WORK TASK => The answer must consist of every line in the records that contains the word "point".

RECORDS SUPPLIED =>

Definition star_commute (X : Type) (S T : X -> X) :=
  S \o T = T \o S /\
  forall y z : X, S y = T z -> exists! x : X, T x = y /\ S x = z.

Definition evenly_covered (E B : topologicalType) (p : E -> B) (U : set B) :=
  open U /\
  exists F : set (set E),
    [/\ p @^-1` U = \bigcup_(V in F) V,
        (forall V, F V -> open V),
        (forall V W, F V -> F W -> V <> W -> V `&` W = set0) &
        (forall V, F V -> p @` V = U /\ homeo_on V p)].

Definition covering_map (E B : topologicalType) (p : E -> B) :=
  [/\ continuous p, (forall b : B, exists e : E, p e = b) &
      forall b : B, exists U : set B, U b /\ evenly_covered p U].

Definition kfold_covering_map (E B : topologicalType) (k : nat) (p : E -> B) :=
  covering_map p /\ forall b : B, p @^-1` [set b] #= `I_k.

From HB Require Import structures.
From mathcomp Require Import all_boot all_order all_algebra.
From mathcomp Require Import all_classical all_reals all_analysis.
From mathcomp Require Import zify.
Set Implicit Arguments. Unset Strict Implicit. Unset Printing Implicit Defensive.
Local Open Scope classical_set_scope.
Local Open Scope card_scope.

(* Regressivity of d says that the head of x is determined by tau_d(x)_0 and
   the tail sigma(x); this is exactly unique lifting, so d is regressive iff
   tau_d *-commutes with sigma.  For the topology, compactness of A^N makes a
   local homeomorphism tau_d uniform: there are L and M such that tau_d is
   injective on L-cylinders and the L-cylinder around y maps onto the
   M-cylinder around tau_d(y).  Hence every M-cylinder is evenly covered by
   such sheets, a fibre injects into A^L through prefixes, and the fibre
   cardinality is constant on M-cylinders.  By *-commutation sigma maps the
   fibre over z bijectively onto the fibre over sigma(z), and every point is
   sigma^M of a point of any prescribed M-cylinder, so all fibres have the
   same finite cardinality k > 0.  Conversely every covering map is a local
   homeomorphism. *)

Definition cylinder (A : finType) (n : nat) (x : seqspace A) : set (seqspace A) :=
  [set y | forall i, (i < n)%N -> y i = x i].

Lemma iter_sigma_shift (A : finType) n (x : seqspace A) :
  iter n (@sigma_shift A) x = fun i => x (i + n)%N.
Proof.
elim: n => [|n IH] /=; first by apply: funext => i; rewrite addn0.
by rewrite IH; apply: funext => i; rewrite /sigma_shift addSnnS.
Qed.

Section SlidingBlockCode.
Variables (A : finType) (m : nat) (d : m.+1.-tuple A -> A).
Implicit Types x y z : seqspace A.
(* Let $A\in\mathbb{R}^{n\times n}$ and $C\in\mathbb{R}^{p\times n}$ with $C\neq 0$ and $\operatorname{rank} C = p$. Then there exist real matrices $L\in\mathbb{R}^{n\times p}$ and $F\in\mathbb{R}^{n\times p}$ such that the $(n+p)\times(n+p)$ real matrix $$\begin{bmatrix} A - LC & F \\ -C & I_p \end{bmatrix}$$ is Schur stable if and only if the pair $(A,C)$ is detectable.
   Context: A real square matrix is Schur stable if all of its eigenvalues $\lambda\in\mathbb{C}$ satisfy $|\lambda|<1$. The pair $(A,C)$ is detectable if there exists $K\in\mathbb{R}^{n\times p}$ such that $A+KC$ is Schur stable (equivalently, $\operatorname{rank}\begin{bmatrix} C \\ zI_n - A\end{bmatrix} = n$ for every $z\in\mathbb{C}$ with $|z|\ge 1$). Motivation: for the discrete-time system $x(k+1)=Ax(k)+Bu(k)$, $y(k)=Cx(k)$, the system $\hat x(k+1)=(A-LC)\hat x(k)+Ly(k)+Bu(k)+Fv(k)$, $v(k+1)=v(k)+y(k)-C\hat x(k)$ is called a full-order proportional-integral observer exactly when the displayed matrix is Schur stable. *)

From HB Require Import structures.
From mathcomp Require Import all_boot all_order all_algebra.
From mathcomp Require Import complex.
From mathcomp Require Import reals.
Set Implicit Arguments. Unset Strict Implicit. Unset Printing Implicit Defensive.
Import Order.TTheory GRing.Theory Num.Theory.
Local Open Scope ring_scope.
Local Open Scope complex_scope.

Definition schur_stable (R : realType) (n : nat) (M : 'M[R]_n) : Prop :=
  forall z : R[i], eigenvalue (map_mx (fun x : R => x%:C) M) z -> `|z| < 1.

Definition detectable (R : realType) (n p : nat)
    (A : 'M[R]_n) (C : 'M[R]_(p, n)) : Prop :=
  exists K : 'M[R]_(n, p), schur_stable (A + K *m C).

Definition pi_obs_mx (R : realType) (n p : nat)
    (A : 'M[R]_n) (C : 'M[R]_(p, n)) (L F : 'M[R]_(n, p)) : 'M[R]_(n + p) :=
  block_mx (A - L *m C) F (- C) 1%:M.

From HB Require Import structures.
From mathcomp Require Import all_boot all_order all_algebra.
From mathcomp Require Import complex reals ring.
Import GRing.Theory Num.Theory.
Local Open Scope ring_scope.
Set Implicit Arguments. Unset Strict Implicit. Unset Printing Implicit Defensive.

(* If (A, C) is detectable with gain K and X is a right inverse of C, a block
   change of basis [[1, X]; [0, 1]] makes the observer matrix lower block
   triangular with diagonal blocks A + K C and 0.
   Conversely, an unstable left eigenvector of A^T killed by C^T, padded with
   zeros, is an unstable left eigenvector of the transposed observer matrix, so
   (A^T, C^T) passes the Hautus test. The Hautus test gives a stabilizing gain
   by induction on the dimension: once B is brought to the form [[1, 0]; [0, *]]
   the first state is actuated directly, and stabilizing the remaining states,
   with the coupling column of A as an extra input, suffices. *)

Section Eigenvalue.
Variable K : fieldType.

Lemma eigenvalue_unitmx n (g : 'M[K]_n) a :
  eigenvalue g a = (g - a%:M \notin unitmx).
Proof. by rewrite /eigenvalue /eigenspace kermx_eq0 row_free_unit. Qed.

Lemma eigenvalue_trmx n (g : 'M[K]_n) a : eigenvalue g^T a = eigenvalue g a.
Proof. by rewrite !eigenvalue_unitmx -unitmx_tr linearB /= tr_scalar_mx trmxK. Qed.

Lemma eigenvalue_similar n (X Y P : 'M[K]_n) a :
  X *m P = P *m Y -> P \in unitmx -> eigenvalue X a -> eigenvalue Y a.
Proof.
move=> XP uP /eigenvalueP [v vX v0]; apply/eigenvalueP; exists (v *m P).
  by rewrite -mulmxA -XP mulmxA vX scalemxAl.
by rewrite mulmx_free_eq0 ?row_free_unit.
Qed.

Lemma eigenvalue_lblock n1 n2 (X : 'M[K]_n1) (Y : 'M[K]_(n2, n1)) (W : 'M[K]_n2) a :
  eigenvalue (block_mx X 0 Y W) a = eigenvalue X a || eigenvalue W a.
Proof.
rewrite !eigenvalue_unitmx [a%:M]scalar_mx_block opp_block_mx add_block_mx oppr0 addr0.
by rewrite !unitmxE det_lblock unitrM negb_and.
Qed.

Lemma eigenvalue0 n a : eigenvalue (0 : 'M[K]_n) a -> a = 0.
Proof.
move=> /eigenvalueP [v]; rewrite mulmx0 => /esym /eqP.
by rewrite scaler_eq0 => /orP [/eqP ->|/eqP ->]; rewrite ?eqxx.
Qed.

End Eigenvalue.

Lemma mul_pid_mx_delta00 (K : pzRingType) n m r : (0 < r)%N ->
  (pid_mx r : 'M[K]_(1 + n, m.+1)) *m delta_mx 0 0 = col_mx 1%:M 0.
Proof.
move=> r_gt0; rewrite -colE; apply/matrixP => i k; rewrite !ord1.
rewrite -(splitK i); case: (split i) => i' /=.
  by rewrite col_mxEu !mxE !ord1 /= r_gt0.
by rewrite col_mxEd !mxE.
Qed.

Section SchurStable.
Variable R : realType.
Local Notation cm M := (map_mx (real_complex R) M).

Lemma schur_stableE n (M : 'M[R]_n) :
  schur_stable M <-> forall z, eigenvalue (cm M) z -> `|z| < 1.
Proof. by []. Qed.

Lemma schur_stable_similar n (X Y P : 'M[R]_n) :
  X *m P = P *m Y -> P \in unitmx -> schur_stable Y -> schur_stable X.
Proof.
move=> XP uP /schur_stableE sY; apply/schur_stableE => z eXz; apply: sY.
apply: (@eigenvalue_similar _ _ _ _ (cm P)) eXz; first by rewrite -!map_mxM XP.
by rewrite map_unitmx.
Qed.

Lemma schur_stable_trmx n (M : 'M[R]_n) : schur_stable M^T <-> schur_stable M.
Proof.
by split=> sM z; move: (sM z); rewrite -map_trmx eigenvalue_trmx.
Qed.

Lemma schur_stable_lblock n1 n2 (X : 'M[R]_n1) (Y : 'M[R]_(n2, n1)) (W : 'M[R]_n2) :
  schur_stable X -> schur_stable W -> schur_stable (block_mx X 0 Y W).
Proof.
move=> /schur_stableE sX /schur_stableE sW; apply/schur_stableE => z.
by rewrite map_block_mx map_mx0 eigenvalue_lblock => /orP [/sX|/sW].
Qed.

Lemma schur_stable0 n : schur_stable (0 : 'M[R]_n).
Proof.
apply/schur_stableE => z; rewrite map_mx0 => /eigenvalue0 ->.
by rewrite normr0 ltr01.
Qed.

End SchurStable.

(* With [C X = 1] and a stabilizing [K], the choice [L = X - K],
   [F = X - (A + K C) X] makes the change of basis [[1, X]; [0, 1]] turn the
   observer matrix into [[A + K C, 0]; [-C, 0]]. *)
Lemma pi_obs_stable_of_detectable (R : realType) n p
    (A : 'M[R]_n) (C : 'M[R]_(p, n)) :
  \rank C = p -> detectable A C ->
  exists L F, schur_stable (pi_obs_mx A C L F).
Proof.
move=> rC [K sK].
have /row_freeP [X CX] : row_free C by rewrite /row_free rC.
exists (X - K), (X - (A + K *m C) *m X).
apply: (@schur_stable_similar _ _ _ (block_mx (A + K *m C) 0 (- C) 0)
                              (block_mx 1%:M X 0 1%:M)).
- rewrite /pi_obs_mx !mulmx_block !mulmx1 !mul1mx !mulmx0 !mul0mx !addr0 !add0r.
  rewrite mulNmx CX addNr; congr block_mx.
    by rewrite mulmxBl mulmxN opprB addrA.
  rewrite !mulmxBl !mulmxDl -!mulmxA CX mulmx1.
  by apply/matrixP => i j; rewrite !mxE; ring.
- by rewrite unitmxE det_ublock !det1 mulr1 unitr1.
- by apply: schur_stable_lblock => //; apply: schur_stable0.
Qed.

Section Hautus.
Variable R : realType.
Local Notation cm M := (map_mx (real_complex R) M).

Definition hautus_stabilizable n m (A : 'M[R]_n) (B : 'M[R]_(n, m)) : Prop :=
  forall (z : R[i]) (v : 'rV[R[i]]_n), ~ `|z| < 1 ->
    v *m cm A = z *: v -> v *m cm B = 0 -> v = 0.

Definition stabilizable n m (A : 'M[R]_n) (B : 'M[R]_(n, m)) : Prop :=
  exists F : 'M[R]_(m, n), schur_stable (A + B *m F).

Lemma hautus_stabilizable0 n m (A : 'M[R]_n) :
  hautus_stabilizable A (0 : 'M_(n, m)) -> schur_stable A.
Proof.
move=> hA z /eigenvalueP [v vA vn0]; case: (boolP (`|z| < 1)) => // /negP zge1.
by move: vn0; rewrite (hA z v zge1 vA) ?eqxx // map_mx0 mulmx0.
Qed.

Lemma hautus_basis_change n m (A : 'M[R]_n) (B : 'M[R]_(n, m)) T U :
  T \in unitmx -> U \in unitmx -> hautus_stabilizable A B ->
  hautus_stabilizable (T *m A *m invmx T) (T *m B *m U).
Proof.
move=> uT uU hA z v zge1 vA vB.
have fT : row_free (cm T) by rewrite row_free_unit map_unitmx.
have fU : row_free (cm U) by rewrite row_free_unit map_unitmx.
apply/eqP; rewrite -(mulmx_free_eq0 _ fT); apply/eqP; apply: hA zge1 _ _.
- have TA : T *m A *m invmx T *m T = T *m A by rewrite mulmxKV.
  by rewrite -mulmxA -map_mxM -TA map_mxM mulmxA vA scalemxAl.
- apply/eqP; rewrite -(mulmx_free_eq0 _ fU) -!mulmxA -!map_mxM.
  by move: vB; rewrite !map_mxM !mulmxA => ->.
Qed.

Lemma stabilizable_basis_change n m (A : 'M[R]_n) (B : 'M[R]_(n, m)) T U :
  T \in unitmx -> U \in unitmx ->
  stabilizable (T *m A *m invmx T) (T *m B *m U) -> stabilizable A B.
Proof.
move=> uT uU [F sF]; exists (U *m F *m T).
apply: (@schur_stable_similar _ _ _ _ (invmx T)) sF; last by rewrite unitmx_inv.
by rewrite mulmxDl mulmxDr !mulmxA mulVmx // !mul1mx mulmxK.
Qed.

Section FirstStateActuated.
Variables (n m : nat) (A : 'M[R]_(1 + n)) (B : 'M[R]_(1 + n, m)) (j : 'I_m).
Hypothesis Bj : B *m delta_mx j 0 = col_mx 1%:M 0.

Local Notation Bred := (dsubmx B + dlsubmx A *m delta_mx 0 j).

Lemma Bred_delta : Bred *m delta_mx j 0 = dlsubmx A.
Proof.
have B2j : dsubmx B *m (delta_mx j 0 : 'M_(m, 1)) = 0.
  by rewrite mul_dsub_mx Bj col_mxKd.
rewrite mulmxDl B2j add0r -mulmxA mul_delta_mx.
by rewrite [delta_mx _ _]mx11_scalar mxE !eqxx mulmx1.
Qed.

Lemma hautus_reduce :
  hautus_stabilizable A B -> hautus_stabilizable (drsubmx A) Bred.
Proof.
move=> hA z v zge1 vA vB.
have va : v *m cm (dlsubmx A) = 0 by rewrite -Bred_delta map_mxM mulmxA vB mul0mx.
have vb : v *m cm (dsubmx B) = 0.
  by move: vB; rewrite map_mxD map_mxM mulmxDr mulmxA va mul0mx addr0.
have := hA z (row_mx 0 v) zge1.
rewrite -[A]submxK map_block_mx mul_row_block !mul0mx !add0r va vA.
rewrite -[B]vsubmxK map_col_mx mul_row_col mul0mx add0r vb.
rewrite scale_row_mx scaler0 => /(_ erefl erefl) /eqP.
by rewrite -row_mx0 => /eqP /eq_row_mx [_ ->].
Qed.

(* Input [j] drives the first state alone, so feedback through it can set the
   first row of the closed loop at will. *)
Lemma closed_loop_first_row (F : 'M[R]_(m, 1 + n)) (Z : 'M[R]_(1 + n)) :
  dsubmx Z = dsubmx (A + B *m F) -> exists F', A + B *m F' = Z.
Proof.
move=> dZ; exists (F + delta_mx j 0 *m (usubmx Z - usubmx (A + B *m F))).
rewrite mulmxDr addrA mulmxA Bj mul_col_mx mul1mx mul0mx.
by rewrite -{1}(vsubmxK (A + _)) add_col_mx addr0 -dZ addrC subrK vsubmxK.
Qed.

(* The closed loop is taken to be [P Y P^-1], where [Y] is lower block
   triangular with diagonal blocks [0] and the reduced closed loop. *)
Lemma stabilizable_reduce : stabilizable (drsubmx A) Bred -> stabilizable A B.
Proof.
move=> [G sG].
pose g : 'rV[R]_n := delta_mx 0 j *m G.
pose Y := block_mx (0 : 'M[R]_1) 0 (dlsubmx A) (drsubmx A + Bred *m G).
pose P := block_mx (1%:M : 'M[R]_1) g 0 1%:M.
pose Q := block_mx (1%:M : 'M[R]_1) (- g) 0 1%:M.
have QP : Q *m P = 1%:M.
  rewrite mulmx_block !(mulmx1, mul1mx, mulmx0, mul0mx, addr0, add0r) addrN.
  by rewrite scalar_mx_block.
have dZ : dsubmx (P *m Y *m Q) = dsubmx (A + B *m row_mx 0 G).
  rewrite !mulmx_block !(mulmx1, mul1mx, mulmx0, mul0mx, addr0, add0r).
  rewrite block_mxEv col_mxKd linearD /= -mul_dsub_mx mul_mx_row mulmx0.
  rewrite -[dsubmx A]hsubmxK add_row_mx addr0; congr row_mx.
  rewrite mulmxN mulmxDl -mulmxA -/g.
  by rewrite addrCA (addrC (dsubmx B *m G)) addKr.
have [F closedF] := closed_loop_first_row dZ; exists F; rewrite closedF.
apply: (@schur_stable_similar _ _ _ Y P).
- by rewrite -!mulmxA QP mulmx1.
- by rewrite unitmxE det_ublock !det1 mulr1 unitr1.
- by apply: schur_stable_lblock sG; apply: schur_stable0.
Qed.

End FirstStateActuated.

Lemma stabilizable_of_hautus n m (A : 'M[R]_n) (B : 'M[R]_(n, m)) :
  hautus_stabilizable A B -> stabilizable A B.
Proof.
elim: n m A B => [|n IH] m A B hAB; have [B0|Bn0] := eqVneq B 0;
  try by rewrite B0 in hAB; exists 0; rewrite mulmx0 addr0;
         exact: hautus_stabilizable0 hAB.
  by rewrite flatmx0 eqxx in Bn0.
case: m B hAB Bn0 => [|m] B hAB Bn0; first by rewrite thinmx0 eqxx in Bn0.
pose T := invmx (col_ebase B); pose U := invmx (row_ebase B).
have uT : T \in unitmx by rewrite unitmx_inv col_ebase_unit.
have uU : U \in unitmx by rewrite unitmx_inv row_ebase_unit.
have TBU : T *m B *m U = pid_mx (\rank B).
  rewrite -{1}(mulmx_ebase B) !mulmxA mulVmx ?col_ebase_unit // mul1mx.
  by rewrite mulmxK ?row_ebase_unit.
apply: (stabilizable_basis_change uT uU).
have TBUj : T *m B *m U *m delta_mx 0 0 = col_mx 1%:M 0 :> 'M[R]_(1 + n, 1).
  by rewrite TBU; apply: mul_pid_mx_delta00; rewrite lt0n mxrank_eq0.
apply: (stabilizable_reduce TBUj); apply: IH.
by apply: (hautus_reduce TBUj); apply: hautus_basis_change.
Qed.

End Hautus.

Lemma detectable_of_stabilizable_trmx (R : realType) n p
    (A : 'M[R]_n) (C : 'M[R]_(p, n)) :
  stabilizable A^T C^T -> detectable A C.
Proof.
move=> [F sF]; exists F^T; apply: (iffLR (schur_stable_trmx (A + F^T *m C))).
by rewrite linearD /= trmx_mul trmxK.
Qed.

(* A left eigenvector [v] of [A^T] with [v C^T = 0] extends by zero to a left
   eigenvector of the transposed observer matrix, for the same eigenvalue. *)
Lemma hautus_trmx_of_pi_obs_stable (R : realType) n p
    (A : 'M[R]_n) (C : 'M[R]_(p, n)) (L F : 'M[R]_(n, p)) :
  schur_stable (pi_obs_mx A C L F) -> hautus_stabilizable A^T C^T.
Proof.
move=> /(iffRL (schur_stable_trmx _)) /schur_stableE sM z v zge1 vA vC.
have [//|vn0] := eqVneq v 0; case: zge1; apply: sM; apply/eigenvalueP.
exists (row_mx v (0 : 'rV_p)).
  rewrite tr_block_mx map_block_mx mul_row_block !mul0mx !addr0 linearB /=.
  rewrite linearN /= trmx_mul map_mxB map_mxN map_mxM mulmxBr mulmxA mulmxN.
  by rewrite vA vC mul0mx subr0 oppr0 scale_row_mx scaler0.
by apply: contra vn0 => /eqP; rewrite -row_mx0 => /eq_row_mx [-> _].
Qed.

Theorem theorem1 (R : realType) (n p : nat)
    (A : 'M[R]_n) (C : 'M[R]_(p, n)) :
  C != 0 -> \rank C = p ->
  (exists L F : 'M[R]_(n, p), schur_stable (pi_obs_mx A C L F)) <->
  detectable A C.
Proof.
move=> _ rankC; split; last exact: (pi_obs_stable_of_detectable rankC).
move=> [L [F /hautus_trmx_of_pi_obs_stable /stabilizable_of_hautus]].
exact: detectable_of_stabilizable_trmx.
Qed.
(** P has block structure over P': pairwise disjoint (nonempty-on-T_n)
    segments I_0..I_k = [lo j, hi j], k >= 1, with P(T_n ∩ I_j) = T_n ∩ I_{j+1}
    (indices mod k+1), and P' is the pattern of size k+1 obtained by collapsing
    each block to a point: beta j is the left-to-right rank of block j. *)
Definition block_structure (P P' : pattern) : Prop :=
  let n := psize P in let s := pmap P in
  exists k : nat, (1 <= k)%nat /\ psize P' = S k /\
  exists (lo hi : nat -> R) (beta : nat -> nat),
    let inI := fun j (i : nat) => lo j <= INR i <= hi j in
    let nxt := fun j => if Nat.eqb j k then 0%nat else S j in
    (forall j, (j <= k)%nat -> lo j <= hi j) /\
    (forall j j', (j <= k)%nat -> (j' <= k)%nat -> j <> j' ->
        hi j < lo j' \/ hi j' < lo j) /\
    (forall j, (j <= k)%nat -> exists i, (1 <= i <= n)%nat /\ inI j i) /\
    (forall j i, (j <= k)%nat -> (1 <= i <= n)%nat -> inI j i -> inI (nxt j) (s i)) /\
    (forall j i', (j <= k)%nat -> (1 <= i' <= n)%nat -> inI (nxt j) i' ->
        exists i, (1 <= i <= n)%nat /\ inI j i /\ s i = i') /\
    (forall j, (j <= k)%nat -> (1 <= beta j <= S k)%nat) /\
    (forall j j', (j <= k)%nat -> (j' <= k)%nat -> hi j < lo j' -> (beta j < beta j')%nat) /\
    (forall j, (j <= k)%nat -> pmap P' (beta j) = beta (nxt j)).

Definition very_badly_ordered (P : pattern) : Prop :=
  is_r_pi P (rho P) /\
  ~ (exists P', over_twist P' (rho P) /\ block_structure P P').

Definition pi6 : pattern :=
  Pat 6 (fun i => match i with
                  | 1 => 2 | 2 => 4 | 3 => 6 | 4 => 5 | 5 => 3 | 6 => 1
                  | _ => 0 end)%nat.

From Stdlib Require Import Reals Lra Lia.
Open Scope R_scope.
Section InnerProduct.
Variables (V : lmodType F) (ip : V -> V -> F).
Hypothesis hV : is_hilbert cj ip.

Lemma ipDl x y z : ip (x + y) z = ip x z + ip y z.
Proof. by have := ip_linl hV 1 x y z; rewrite scale1r mul1r. Qed.

Lemma ip0l z : ip 0 z = 0.
Proof. by apply: (addrI (ip 0 z)); rewrite -ipDl !addr0. Qed.

Lemma ipZl a x z : ip (a *: x) z = a * ip x z.
Proof. by have := ip_linl hV a x 0 z; rewrite addr0 ip0l addr0. Qed.

Lemma ipDr x y z : ip z (x + y) = ip z x + ip z y.
Proof. by rewrite (ip_sym hV) ipDl rmorphD -!(ip_sym hV). Qed.

Lemma ipZr a x z : ip z (a *: x) = cj a * ip z x.
Proof. by rewrite (ip_sym hV) ipZl rmorphM -!(ip_sym hV). Qed.

Lemma ip0r z : ip z 0 = 0.
Proof. by rewrite (ip_sym hV) ip0l rmorph0. Qed.

Lemma ipBr x y z : ip z (x - y) = ip z x - ip z y.
Proof. by rewrite -scaleN1r ipDr ipZr rmorphN1 mulN1r. Qed.

End InnerProduct.

Section Adjoint.
Variables (H K : lmodType F) (ipH : H -> H -> F) (ipK : K -> K -> F).
Hypotheses (hH : is_hilbert cj ipH) (hK : is_hilbert cj ipK).
Variables (S : linop H K) (T : linop K H).
Local Notation adjT := (adjoint_rel ipK ipH T).
Local Notation orth_ranT h := (forall y, ran_rel (graph T) y -> ipH y h = 0).

Lemma adjointD h1 h2 k1 k2 : adjT h1 k1 -> adjT h2 k2 -> adjT (h1 + h2) (k1 + k2).
Proof. by move=> a1 a2 k Dk; rewrite (ipDr hH) (ipDr hK) a1 // a2. Qed.

Lemma adjointB h1 h2 k1 k2 : adjT h1 k1 -> adjT h2 k2 -> adjT (h1 - h2) (k1 - k2).
Proof. by move=> a1 a2 k Dk; rewrite (ipBr hH) (ipBr hK) a1 // a2. Qed.

Lemma orth_ranE h : orth_ranT h <-> adjT h 0.
Proof.
split=> [perp k Dk | a y [k [Dk <-]]].
  by rewrite (ip0r hK); apply: perp; exists k.
by rewrite a // (ip0r hK).
Qed.

Section AdjointGraph.
Hypothesis graphS : forall h k, graph S h k <-> adjT h k.

Lemma ker_adjoint h : orth_ranT h <-> dom S h /\ app S h = 0.
Proof. by rewrite orth_ranE; exact: iff_sym (graphS h 0). Qed.

Lemma ran_add_adjoint k :
  (exists a b, k = a + b /\ ran_rel (graph S) a /\ ran_rel adjT b) ->
  exists h, graph S h k /\ adjT h k.
Proof.
move=> [a [b [-> [[h1 /graphS Sa] [h2 adjb]]]]].
by exists (h1 + h2); rewrite graphS; have := adjointD Sa adjb.
Qed.

End AdjointGraph.

Section GraphOfConditions.
Hypothesis kerS : forall h, orth_ranT h <-> dom S h /\ app S h = 0.
Hypothesis ranS : forall h k, graph S h k -> exists h', graph S h' k /\ adjT h' k.
Hypothesis ranadjT : forall h k, adjT h k -> exists h', graph S h' k /\ adjT h' k.

Lemma ker_graphE h : adjT h 0 <-> graph S h 0.
Proof. by rewrite -orth_ranE; exact: kerS. Qed.

Lemma adjoint_mul0 k : adjT 0 k -> k = 0.
Proof.
move=> adj0; have [h [[_ Shk] adjh]] := ranadjT adj0.
have /ker_graphE[_] : adjT h 0 by rewrite -(subrr k) -[h]subr0; apply: adjointB.
by rewrite Shk.
Qed.

Lemma graph_adjointE h k : graph S h k <-> adjT h k.
Proof.
split=> [[Sh Shk] | adjh].
  have [h' [[Sh' Sh'k] adjh']] := ranS (conj Sh Shk).
  have /ker_graphE : graph S (h - h') 0.
    by split; [apply: domB | rewrite appB // Shk Sh'k subrr].
  by move/(adjointD adjh'); rewrite addr0 addrC subrK.
have [h' [[Sh' Sh'k] adjh']] := ranadjT adjh.
have [Sd Sd0] : graph S (h - h') 0.
  by apply/ker_graphE; rewrite -(subrr k); apply: adjointB.
rewrite -(subrK h' h); split; first exact: domD.
by rewrite appD // Sd0 add0r.
Qed.

End GraphOfConditions.
End Adjoint.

PROBLEM SOLUTION =>
   fibre over z bijectively onto the fibre over sigma(z), and every point is
   sigma^M of a point of any prescribed M-cylinder, so all fibres have the
    each block to a point: beta j is the left-to-right rank of block j. *)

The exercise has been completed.